▶ Directions
Return only those lines of the listing that hold the word "RInt".

▶ Provided records
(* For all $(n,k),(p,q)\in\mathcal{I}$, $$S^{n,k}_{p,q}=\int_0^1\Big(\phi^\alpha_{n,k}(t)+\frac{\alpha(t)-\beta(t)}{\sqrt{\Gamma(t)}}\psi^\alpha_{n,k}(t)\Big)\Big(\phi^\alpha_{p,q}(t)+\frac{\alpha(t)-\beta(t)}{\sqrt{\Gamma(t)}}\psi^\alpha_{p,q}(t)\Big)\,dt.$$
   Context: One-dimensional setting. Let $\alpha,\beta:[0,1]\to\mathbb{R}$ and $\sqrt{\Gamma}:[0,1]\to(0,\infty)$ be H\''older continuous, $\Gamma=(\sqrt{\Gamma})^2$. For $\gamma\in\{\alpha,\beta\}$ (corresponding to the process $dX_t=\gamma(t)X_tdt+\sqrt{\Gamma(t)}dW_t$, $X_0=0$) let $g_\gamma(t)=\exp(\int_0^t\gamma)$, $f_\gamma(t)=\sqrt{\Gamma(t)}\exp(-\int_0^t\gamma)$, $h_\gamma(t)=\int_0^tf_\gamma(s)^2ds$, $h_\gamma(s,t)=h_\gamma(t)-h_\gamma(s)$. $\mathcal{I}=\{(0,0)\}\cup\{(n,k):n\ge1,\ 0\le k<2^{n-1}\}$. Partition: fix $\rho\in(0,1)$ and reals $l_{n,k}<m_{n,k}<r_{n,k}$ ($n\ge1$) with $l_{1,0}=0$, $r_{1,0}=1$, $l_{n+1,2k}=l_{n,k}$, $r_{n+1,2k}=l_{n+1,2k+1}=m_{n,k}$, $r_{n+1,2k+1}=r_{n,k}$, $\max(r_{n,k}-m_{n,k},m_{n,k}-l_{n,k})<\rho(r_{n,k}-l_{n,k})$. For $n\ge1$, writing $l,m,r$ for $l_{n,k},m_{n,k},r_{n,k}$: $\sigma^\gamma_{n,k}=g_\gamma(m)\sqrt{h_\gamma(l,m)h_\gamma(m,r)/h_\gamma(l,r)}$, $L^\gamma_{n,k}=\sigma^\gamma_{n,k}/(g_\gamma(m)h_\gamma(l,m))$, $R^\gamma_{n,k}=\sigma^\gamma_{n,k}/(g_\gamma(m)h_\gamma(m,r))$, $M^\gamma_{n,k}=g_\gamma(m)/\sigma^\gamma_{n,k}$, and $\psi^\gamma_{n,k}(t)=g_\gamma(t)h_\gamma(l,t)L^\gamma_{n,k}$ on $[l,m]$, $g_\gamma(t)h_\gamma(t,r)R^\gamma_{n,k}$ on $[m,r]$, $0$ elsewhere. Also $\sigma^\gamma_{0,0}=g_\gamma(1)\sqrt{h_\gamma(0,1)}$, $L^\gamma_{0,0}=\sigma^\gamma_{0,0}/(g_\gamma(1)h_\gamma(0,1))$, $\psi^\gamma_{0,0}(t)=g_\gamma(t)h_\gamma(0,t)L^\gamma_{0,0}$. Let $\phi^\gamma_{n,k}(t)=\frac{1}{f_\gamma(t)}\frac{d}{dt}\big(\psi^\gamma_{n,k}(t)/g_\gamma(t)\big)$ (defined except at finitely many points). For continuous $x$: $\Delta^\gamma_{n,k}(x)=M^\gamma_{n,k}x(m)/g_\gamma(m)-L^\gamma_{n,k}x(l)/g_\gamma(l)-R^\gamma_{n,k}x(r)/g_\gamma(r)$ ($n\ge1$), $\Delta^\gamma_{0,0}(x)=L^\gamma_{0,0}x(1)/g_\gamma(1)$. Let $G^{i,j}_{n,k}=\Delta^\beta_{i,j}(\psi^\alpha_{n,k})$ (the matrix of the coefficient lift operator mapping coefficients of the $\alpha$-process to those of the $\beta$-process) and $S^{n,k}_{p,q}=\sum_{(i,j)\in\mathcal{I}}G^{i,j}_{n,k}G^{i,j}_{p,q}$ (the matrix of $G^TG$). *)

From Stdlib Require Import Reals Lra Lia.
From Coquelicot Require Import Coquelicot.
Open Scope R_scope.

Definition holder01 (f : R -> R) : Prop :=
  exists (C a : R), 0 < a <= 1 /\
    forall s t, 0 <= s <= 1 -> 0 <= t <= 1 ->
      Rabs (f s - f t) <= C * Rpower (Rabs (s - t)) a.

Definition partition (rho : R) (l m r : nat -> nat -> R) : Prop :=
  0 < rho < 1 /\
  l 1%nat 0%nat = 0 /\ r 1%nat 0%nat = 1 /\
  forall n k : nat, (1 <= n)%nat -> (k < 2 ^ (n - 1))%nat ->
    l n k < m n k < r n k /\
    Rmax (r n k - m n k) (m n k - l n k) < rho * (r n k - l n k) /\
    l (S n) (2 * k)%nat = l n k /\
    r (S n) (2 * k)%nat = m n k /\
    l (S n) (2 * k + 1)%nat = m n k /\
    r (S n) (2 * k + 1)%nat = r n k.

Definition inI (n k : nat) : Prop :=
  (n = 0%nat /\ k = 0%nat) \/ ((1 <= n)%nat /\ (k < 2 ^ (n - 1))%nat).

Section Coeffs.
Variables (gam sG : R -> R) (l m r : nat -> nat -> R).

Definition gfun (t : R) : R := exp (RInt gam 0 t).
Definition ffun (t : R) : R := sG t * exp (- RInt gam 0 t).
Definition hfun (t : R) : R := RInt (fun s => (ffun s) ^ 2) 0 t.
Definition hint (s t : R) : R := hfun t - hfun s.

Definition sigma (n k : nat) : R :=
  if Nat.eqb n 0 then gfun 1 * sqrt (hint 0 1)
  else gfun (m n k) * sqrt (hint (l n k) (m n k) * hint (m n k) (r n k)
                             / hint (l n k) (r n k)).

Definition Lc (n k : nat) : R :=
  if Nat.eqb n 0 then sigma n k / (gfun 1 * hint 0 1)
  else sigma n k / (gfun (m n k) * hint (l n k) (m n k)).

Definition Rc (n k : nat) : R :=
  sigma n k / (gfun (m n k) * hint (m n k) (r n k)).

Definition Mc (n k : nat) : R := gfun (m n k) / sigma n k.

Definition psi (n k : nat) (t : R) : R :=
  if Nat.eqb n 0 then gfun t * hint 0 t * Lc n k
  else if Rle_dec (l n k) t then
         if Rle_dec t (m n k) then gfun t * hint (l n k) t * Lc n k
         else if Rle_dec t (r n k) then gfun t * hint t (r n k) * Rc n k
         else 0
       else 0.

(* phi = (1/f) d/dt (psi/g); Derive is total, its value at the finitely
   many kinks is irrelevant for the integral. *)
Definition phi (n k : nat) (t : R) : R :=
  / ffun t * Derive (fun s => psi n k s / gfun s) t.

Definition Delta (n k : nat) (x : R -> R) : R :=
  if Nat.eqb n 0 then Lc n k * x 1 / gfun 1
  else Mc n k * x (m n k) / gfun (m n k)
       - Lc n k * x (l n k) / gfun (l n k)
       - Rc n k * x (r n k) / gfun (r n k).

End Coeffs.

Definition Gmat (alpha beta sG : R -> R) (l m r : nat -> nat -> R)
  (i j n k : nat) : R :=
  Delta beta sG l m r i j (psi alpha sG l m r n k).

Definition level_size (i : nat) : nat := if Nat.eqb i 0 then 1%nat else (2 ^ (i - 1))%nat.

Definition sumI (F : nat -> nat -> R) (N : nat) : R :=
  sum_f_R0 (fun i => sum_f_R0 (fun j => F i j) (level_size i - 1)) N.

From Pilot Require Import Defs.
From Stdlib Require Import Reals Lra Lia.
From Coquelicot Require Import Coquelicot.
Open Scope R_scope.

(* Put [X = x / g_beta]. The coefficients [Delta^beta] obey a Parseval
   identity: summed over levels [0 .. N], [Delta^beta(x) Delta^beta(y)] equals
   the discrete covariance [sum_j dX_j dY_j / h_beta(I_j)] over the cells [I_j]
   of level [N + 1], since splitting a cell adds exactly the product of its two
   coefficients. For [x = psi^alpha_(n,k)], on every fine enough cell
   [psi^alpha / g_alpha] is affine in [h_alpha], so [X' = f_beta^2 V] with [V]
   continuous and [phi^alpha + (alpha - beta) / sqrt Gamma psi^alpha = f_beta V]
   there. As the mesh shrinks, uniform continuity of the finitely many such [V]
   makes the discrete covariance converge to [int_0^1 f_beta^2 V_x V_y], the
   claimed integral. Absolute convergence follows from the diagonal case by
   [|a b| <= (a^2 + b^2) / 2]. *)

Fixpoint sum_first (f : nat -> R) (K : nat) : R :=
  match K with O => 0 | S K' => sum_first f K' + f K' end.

==

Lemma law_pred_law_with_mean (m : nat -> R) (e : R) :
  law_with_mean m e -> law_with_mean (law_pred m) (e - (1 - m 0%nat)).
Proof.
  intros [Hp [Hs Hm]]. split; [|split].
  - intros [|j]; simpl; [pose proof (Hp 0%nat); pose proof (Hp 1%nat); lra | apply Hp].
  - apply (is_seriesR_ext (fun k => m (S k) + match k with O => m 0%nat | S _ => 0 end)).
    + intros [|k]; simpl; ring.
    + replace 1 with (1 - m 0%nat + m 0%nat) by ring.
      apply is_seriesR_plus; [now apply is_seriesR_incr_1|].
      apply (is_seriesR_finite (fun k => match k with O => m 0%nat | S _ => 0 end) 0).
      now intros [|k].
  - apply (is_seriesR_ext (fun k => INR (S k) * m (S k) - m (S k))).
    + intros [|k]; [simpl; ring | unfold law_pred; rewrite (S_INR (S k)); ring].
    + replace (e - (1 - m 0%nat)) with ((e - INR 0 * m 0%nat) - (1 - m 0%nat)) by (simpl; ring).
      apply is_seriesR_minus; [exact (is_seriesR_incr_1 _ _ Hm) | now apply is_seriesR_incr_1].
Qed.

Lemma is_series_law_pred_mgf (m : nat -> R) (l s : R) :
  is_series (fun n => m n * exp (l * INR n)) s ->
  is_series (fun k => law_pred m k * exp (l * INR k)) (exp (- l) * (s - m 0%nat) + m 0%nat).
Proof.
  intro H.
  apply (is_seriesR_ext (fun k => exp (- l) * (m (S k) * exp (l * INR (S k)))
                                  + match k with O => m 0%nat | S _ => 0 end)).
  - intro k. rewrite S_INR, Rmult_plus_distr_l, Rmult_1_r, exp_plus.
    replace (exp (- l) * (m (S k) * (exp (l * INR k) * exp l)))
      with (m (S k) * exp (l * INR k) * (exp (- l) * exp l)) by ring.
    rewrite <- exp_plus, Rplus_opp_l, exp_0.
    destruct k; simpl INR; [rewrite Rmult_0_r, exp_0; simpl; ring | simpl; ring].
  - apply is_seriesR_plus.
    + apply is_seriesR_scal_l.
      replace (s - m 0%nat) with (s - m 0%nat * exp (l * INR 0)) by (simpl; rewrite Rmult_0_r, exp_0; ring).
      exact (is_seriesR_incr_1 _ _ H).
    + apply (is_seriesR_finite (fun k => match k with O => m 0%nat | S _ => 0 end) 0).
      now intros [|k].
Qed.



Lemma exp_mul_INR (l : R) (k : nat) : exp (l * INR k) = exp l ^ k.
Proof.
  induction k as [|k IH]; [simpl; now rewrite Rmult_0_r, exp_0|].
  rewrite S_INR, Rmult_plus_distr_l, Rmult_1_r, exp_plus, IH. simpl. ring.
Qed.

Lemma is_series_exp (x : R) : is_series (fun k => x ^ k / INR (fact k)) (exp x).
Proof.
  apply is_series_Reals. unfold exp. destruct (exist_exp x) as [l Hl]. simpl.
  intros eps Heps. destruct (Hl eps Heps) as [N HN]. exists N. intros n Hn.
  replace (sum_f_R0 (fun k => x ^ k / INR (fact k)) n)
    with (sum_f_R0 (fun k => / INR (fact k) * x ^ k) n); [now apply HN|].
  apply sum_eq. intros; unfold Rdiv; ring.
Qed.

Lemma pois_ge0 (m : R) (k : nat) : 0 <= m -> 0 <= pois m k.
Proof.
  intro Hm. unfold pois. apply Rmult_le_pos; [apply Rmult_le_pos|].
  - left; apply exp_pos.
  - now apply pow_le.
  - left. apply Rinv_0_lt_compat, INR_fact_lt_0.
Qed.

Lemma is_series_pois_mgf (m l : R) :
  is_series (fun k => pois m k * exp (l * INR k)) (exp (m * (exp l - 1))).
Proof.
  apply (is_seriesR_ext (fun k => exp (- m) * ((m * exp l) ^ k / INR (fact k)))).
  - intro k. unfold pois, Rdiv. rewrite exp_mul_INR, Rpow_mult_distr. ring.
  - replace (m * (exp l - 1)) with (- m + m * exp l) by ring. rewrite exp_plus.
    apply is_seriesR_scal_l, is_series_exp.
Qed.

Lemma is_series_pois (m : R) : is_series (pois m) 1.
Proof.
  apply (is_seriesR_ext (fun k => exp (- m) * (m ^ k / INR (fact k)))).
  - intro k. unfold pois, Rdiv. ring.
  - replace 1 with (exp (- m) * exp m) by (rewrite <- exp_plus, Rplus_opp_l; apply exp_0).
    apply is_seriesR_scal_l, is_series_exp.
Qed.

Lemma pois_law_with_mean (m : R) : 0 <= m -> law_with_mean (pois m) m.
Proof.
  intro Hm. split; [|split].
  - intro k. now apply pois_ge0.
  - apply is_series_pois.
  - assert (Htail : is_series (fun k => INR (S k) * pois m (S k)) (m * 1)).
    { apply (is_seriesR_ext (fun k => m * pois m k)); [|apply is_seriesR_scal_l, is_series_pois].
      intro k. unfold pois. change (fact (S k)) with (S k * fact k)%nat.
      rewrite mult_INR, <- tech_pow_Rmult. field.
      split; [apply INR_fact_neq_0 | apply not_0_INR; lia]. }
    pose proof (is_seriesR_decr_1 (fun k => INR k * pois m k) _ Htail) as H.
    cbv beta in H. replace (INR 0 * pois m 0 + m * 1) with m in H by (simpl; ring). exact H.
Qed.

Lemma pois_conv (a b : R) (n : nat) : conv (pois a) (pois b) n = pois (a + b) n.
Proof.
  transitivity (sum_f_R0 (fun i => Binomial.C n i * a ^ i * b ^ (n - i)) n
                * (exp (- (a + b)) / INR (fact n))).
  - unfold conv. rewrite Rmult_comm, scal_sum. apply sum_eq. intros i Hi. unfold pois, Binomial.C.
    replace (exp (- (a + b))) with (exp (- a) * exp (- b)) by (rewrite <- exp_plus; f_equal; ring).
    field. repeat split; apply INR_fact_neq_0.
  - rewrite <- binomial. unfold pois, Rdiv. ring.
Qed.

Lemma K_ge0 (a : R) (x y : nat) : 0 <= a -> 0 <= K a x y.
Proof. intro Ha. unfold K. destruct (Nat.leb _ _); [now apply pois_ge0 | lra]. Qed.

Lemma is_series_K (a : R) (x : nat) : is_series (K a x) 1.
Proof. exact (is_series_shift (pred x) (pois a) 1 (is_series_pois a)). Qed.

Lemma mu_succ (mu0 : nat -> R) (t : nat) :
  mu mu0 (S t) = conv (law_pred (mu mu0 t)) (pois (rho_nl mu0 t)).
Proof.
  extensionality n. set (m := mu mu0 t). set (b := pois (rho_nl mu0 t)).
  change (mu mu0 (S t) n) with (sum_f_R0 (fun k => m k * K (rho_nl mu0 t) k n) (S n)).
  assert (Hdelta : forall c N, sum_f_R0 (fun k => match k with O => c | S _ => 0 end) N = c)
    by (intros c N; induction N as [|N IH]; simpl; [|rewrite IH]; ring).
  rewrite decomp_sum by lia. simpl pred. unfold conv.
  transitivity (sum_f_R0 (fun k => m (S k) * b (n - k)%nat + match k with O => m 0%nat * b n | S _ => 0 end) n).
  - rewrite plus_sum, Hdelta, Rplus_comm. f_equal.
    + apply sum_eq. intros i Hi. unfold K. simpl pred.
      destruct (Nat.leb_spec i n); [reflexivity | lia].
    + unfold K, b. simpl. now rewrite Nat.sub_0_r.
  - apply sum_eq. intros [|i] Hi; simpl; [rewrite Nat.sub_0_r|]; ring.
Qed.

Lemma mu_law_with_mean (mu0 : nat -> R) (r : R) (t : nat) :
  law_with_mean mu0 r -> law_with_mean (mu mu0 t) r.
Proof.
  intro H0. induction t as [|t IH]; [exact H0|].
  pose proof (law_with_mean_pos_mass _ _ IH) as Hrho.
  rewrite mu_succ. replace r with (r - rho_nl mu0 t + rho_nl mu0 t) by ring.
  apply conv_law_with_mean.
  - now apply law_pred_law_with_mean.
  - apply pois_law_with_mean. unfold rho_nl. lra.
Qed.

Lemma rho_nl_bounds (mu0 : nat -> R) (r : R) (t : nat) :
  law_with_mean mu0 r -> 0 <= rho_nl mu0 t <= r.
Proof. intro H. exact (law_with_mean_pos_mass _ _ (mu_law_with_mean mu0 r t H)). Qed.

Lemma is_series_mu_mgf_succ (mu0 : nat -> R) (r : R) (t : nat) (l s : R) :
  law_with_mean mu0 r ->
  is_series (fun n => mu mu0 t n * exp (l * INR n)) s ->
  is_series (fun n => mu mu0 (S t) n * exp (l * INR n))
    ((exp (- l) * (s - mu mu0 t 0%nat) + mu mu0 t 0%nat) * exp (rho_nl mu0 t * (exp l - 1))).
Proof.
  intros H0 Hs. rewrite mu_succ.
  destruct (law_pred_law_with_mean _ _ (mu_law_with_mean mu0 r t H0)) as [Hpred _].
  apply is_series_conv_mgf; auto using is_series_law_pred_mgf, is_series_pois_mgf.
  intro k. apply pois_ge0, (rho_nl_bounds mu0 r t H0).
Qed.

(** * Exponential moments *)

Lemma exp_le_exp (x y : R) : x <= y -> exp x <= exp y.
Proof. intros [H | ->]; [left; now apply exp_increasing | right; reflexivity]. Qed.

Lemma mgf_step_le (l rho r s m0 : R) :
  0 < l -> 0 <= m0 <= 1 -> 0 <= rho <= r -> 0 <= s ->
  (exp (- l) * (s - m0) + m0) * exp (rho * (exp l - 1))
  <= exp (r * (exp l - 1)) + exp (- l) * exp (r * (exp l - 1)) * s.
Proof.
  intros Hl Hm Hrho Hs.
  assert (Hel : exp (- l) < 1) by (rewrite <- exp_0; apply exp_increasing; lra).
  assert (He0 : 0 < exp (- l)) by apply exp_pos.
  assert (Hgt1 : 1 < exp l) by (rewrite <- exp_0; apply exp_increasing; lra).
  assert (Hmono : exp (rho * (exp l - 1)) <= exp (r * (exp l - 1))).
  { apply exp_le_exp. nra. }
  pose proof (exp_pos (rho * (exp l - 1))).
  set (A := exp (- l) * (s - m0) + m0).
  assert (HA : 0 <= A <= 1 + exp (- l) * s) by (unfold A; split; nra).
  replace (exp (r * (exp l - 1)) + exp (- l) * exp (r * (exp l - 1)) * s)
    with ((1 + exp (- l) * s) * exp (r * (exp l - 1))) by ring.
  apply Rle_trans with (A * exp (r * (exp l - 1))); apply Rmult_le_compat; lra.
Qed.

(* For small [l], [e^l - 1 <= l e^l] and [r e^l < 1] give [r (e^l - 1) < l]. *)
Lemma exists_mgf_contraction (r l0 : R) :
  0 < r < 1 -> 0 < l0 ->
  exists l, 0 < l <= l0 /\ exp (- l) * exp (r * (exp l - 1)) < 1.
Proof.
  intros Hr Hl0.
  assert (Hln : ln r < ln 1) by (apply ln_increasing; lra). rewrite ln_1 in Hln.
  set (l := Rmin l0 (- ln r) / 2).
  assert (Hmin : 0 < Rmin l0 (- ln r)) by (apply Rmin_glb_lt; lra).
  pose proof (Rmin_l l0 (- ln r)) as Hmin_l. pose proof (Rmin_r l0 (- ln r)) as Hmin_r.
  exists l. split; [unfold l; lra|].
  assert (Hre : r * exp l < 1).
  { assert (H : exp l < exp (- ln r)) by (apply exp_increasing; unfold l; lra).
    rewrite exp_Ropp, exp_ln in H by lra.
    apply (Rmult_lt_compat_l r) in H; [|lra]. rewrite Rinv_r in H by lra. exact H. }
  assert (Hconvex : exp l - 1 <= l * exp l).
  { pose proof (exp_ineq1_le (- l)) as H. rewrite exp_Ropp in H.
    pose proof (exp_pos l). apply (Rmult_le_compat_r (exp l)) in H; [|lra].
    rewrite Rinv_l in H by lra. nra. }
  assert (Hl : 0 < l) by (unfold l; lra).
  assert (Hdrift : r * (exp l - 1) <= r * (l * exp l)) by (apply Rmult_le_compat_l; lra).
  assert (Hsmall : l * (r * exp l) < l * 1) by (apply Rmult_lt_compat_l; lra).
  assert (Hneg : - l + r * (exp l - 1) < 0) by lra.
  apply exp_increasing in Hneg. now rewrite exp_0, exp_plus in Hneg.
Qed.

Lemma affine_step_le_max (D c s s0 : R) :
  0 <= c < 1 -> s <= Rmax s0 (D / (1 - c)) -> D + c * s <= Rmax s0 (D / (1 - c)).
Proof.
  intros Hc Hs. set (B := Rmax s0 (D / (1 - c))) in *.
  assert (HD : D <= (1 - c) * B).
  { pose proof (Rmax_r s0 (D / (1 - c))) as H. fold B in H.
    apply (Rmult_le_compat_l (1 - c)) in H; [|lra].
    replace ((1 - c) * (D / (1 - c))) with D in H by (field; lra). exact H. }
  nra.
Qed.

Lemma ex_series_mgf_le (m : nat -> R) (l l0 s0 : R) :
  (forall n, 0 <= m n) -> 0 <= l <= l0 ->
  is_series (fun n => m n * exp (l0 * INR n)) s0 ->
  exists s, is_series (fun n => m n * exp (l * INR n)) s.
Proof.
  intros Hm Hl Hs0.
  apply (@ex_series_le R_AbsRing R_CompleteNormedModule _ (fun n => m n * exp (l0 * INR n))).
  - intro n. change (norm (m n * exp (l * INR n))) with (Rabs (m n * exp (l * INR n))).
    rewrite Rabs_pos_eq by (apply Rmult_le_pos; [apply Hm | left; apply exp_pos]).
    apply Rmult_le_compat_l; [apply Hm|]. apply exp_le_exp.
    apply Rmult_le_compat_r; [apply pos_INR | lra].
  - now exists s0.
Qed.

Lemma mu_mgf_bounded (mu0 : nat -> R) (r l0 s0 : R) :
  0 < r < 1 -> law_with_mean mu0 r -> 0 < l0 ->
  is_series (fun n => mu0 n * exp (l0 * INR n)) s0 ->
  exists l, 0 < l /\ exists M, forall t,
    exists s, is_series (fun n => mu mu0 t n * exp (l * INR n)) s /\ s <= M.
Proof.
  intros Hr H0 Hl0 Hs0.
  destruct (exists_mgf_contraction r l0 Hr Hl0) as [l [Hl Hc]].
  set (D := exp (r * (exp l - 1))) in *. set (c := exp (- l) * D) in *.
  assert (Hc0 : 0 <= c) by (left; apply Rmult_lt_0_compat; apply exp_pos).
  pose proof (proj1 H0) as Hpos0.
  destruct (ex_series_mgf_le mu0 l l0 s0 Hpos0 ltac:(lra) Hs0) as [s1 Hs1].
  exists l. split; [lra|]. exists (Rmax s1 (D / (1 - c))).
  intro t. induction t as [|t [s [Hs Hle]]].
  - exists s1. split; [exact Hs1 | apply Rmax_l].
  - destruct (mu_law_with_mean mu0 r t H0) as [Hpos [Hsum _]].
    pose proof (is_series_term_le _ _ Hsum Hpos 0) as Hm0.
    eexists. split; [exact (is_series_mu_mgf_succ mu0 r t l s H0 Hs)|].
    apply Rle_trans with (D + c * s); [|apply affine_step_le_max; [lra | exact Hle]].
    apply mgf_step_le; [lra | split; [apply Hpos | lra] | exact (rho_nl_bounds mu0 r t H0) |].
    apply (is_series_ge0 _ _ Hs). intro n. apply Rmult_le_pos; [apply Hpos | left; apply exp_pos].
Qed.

▶ Final answer
Definition gfun (t : R) : R := exp (RInt gam 0 t).
Definition ffun (t : R) : R := sG t * exp (- RInt gam 0 t).
Definition hfun (t : R) : R := RInt (fun s => (ffun s) ^ 2) 0 t.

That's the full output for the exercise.